# Amp Power Switch - What Kind of Rating Required?



## keto (May 23, 2006)

So, I have some switches that are 125VAC 25amp I was gonna use, but I buggered the holes. The ones I want to use instead are 125VAC 6amp. I have no clue what I need as a sort of minimum spec for a power switch on an amplifier. I think the replacements are fine but looking at the construction they are definitely lighter than the originals.


----------



## greco (Jul 15, 2007)

I am going to guess that the switch rated for 6 amps should be fine. 

6 amps x 125 VAC = 750 watts power. 
To me, it is difficult to imagine the amp needing that much power.

I await the responses from those that actually know what they are talking about.

Meanwhile, here is some interesting reading:

http://www.tdpri.com/forum/amp-central-station/239717-how-much-ac-power-does-amp-draw.html

Cheers

Dave


----------



## Wild Bill (May 3, 2006)

keto said:


> So, I have some switches that are 125VAC 25amp I was gonna use, but I buggered the holes. The ones I want to use instead are 125VAC 6amp. I have no clue what I need as a sort of minimum spec for a power switch on an amplifier. I think the replacements are fine but looking at the construction they are definitely lighter than the originals.


Here's how you figure it out!

First, look up the current drawn by each tube to light up the filament/heaters. Each 12AX7 draws 300 ma, or .3 amp. Output tubes draw various amounts. Look them up and add them to arrive at a total.

P(watts) = Volts x Amps

So 6.3 volts to the filaments x the total current drawn by all the tubes will give you a wattage total for just lighting up the tubes. Let's assume 3 12AX7s and an amp or so for a pair of output tubes. This let's us end up with a figure pulled out of our butt, just for discussion purposes. Let's say it's 12 watts.

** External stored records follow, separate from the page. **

Lemma card_near A : A \in S ->
  (#|[set A' in S | ~~ far A A']| <= 2 * (r + (r + 2)) ^ 2)%N.
Proof.
move=> hA; have [c0 [ec0 eA]] := corner_spec hA.
apply: leq_trans (_ : (#|[set A' in S | A' :&: nbhd A != set0] :|:
                        [set A' in S | nbhd A' :&: A != set0]| <= _)%N).
  apply: subset_leq_card; apply/subsetP => A'.
  by rewrite !inE negb_and => /andP [-> /=]; rewrite [nbhd A' :&: A]setIC.
rewrite mul2n -addnn; apply: leq_trans (leq_card_setU _ _) (leq_add _ _).
  apply: leq_trans (card_squares_le
    (Pc := fun c => block L r (c.1 + 0) (c.2 + 0) :&: nbhd A != set0) _) _.
    by move=> A' c _ _ ->; rewrite !addn0.
  by rewrite (nbhdE ec0) card_blocks_meet.
apply: leq_trans (card_squares_le (Pc := fun c =>
    block L (r + 2) (c.1 + (L - 1)) (c.2 + (L - 1)) :&: block L r c0.1 c0.2 != set0) _) _.
  by move=> A' c _ ec _; rewrite -(nbhdE ec) -eA.
by rewrite [(r + (r + 2))%N]addnC card_blocks_meet.
Qed.

Definition nbhd_mult (a : {set site L}) := #|[set A in S | a \subset nbhd A]|.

Now, a typical tube amp output stage will run maybe 33% efficiency. Which means if it delivers 40 watts then it probably draws 3 times that to do the job, or 120 watts.

So 120 watts for the audio power and 12 watts to light up the tubes adds up to 132 watts.

Now, the power coming from the wall that goes through the power switch and into the primary power transformer is at about 120 volts. Going back to our equation, P = V x A means we must solve for A to get the amps involved.

Do the math and we get 1.1 amps! So your switches are comfortably over rated!

There are a couple of other factors to remember that might be important in other situations. Switching contacts are rated for breaking current. That means your switches will switch up to a steady 6 amps. An amp draws an initial startup rush of current that is quite high but only for a very short time. When you first turn it on the tubes are cold and draw a big spike of current. The filter caps may be totally empty of energy and also draw a big startup pulse. However, we're talking split seconds here! Things steady down VERY quickly!

Go back to that 120 watt guesstimate for the power tubes. That's only true for full power peaks. Music is not like that. It has parts much lower in power. It's what we call dynamics. Also, we usually don't play on 11! The AVERAGE power even when playing full out will be much lower than 120 watts!

So your switches are actually very much over-rated for your amp! It's always nice to have a big safety factor!

Wild Bill/Busen Amps


----------



## keto (May 23, 2006)

Well, Bill, that is an excellent, complete, and easy to understand answer. Thanks very much! 

BTW, I'm running 2 12AX7's and a single octal (KT88 is what the project calls for).


----------



## Rski (Dec 28, 2013)

Us electrical designers look at the VA rating of the transformer overall, which in most cases not clearly specified unless you sum together the transformers total secondary. (6.3 vac x 5 amps) =31.5va (380 vac x 1000 mA) = 380 va total would be 412 va secondary primary would significantly yield 412 ÷ 115vac rounds to 4 amps for that example. A glass time delay 4 amp fuse will easily protect your build.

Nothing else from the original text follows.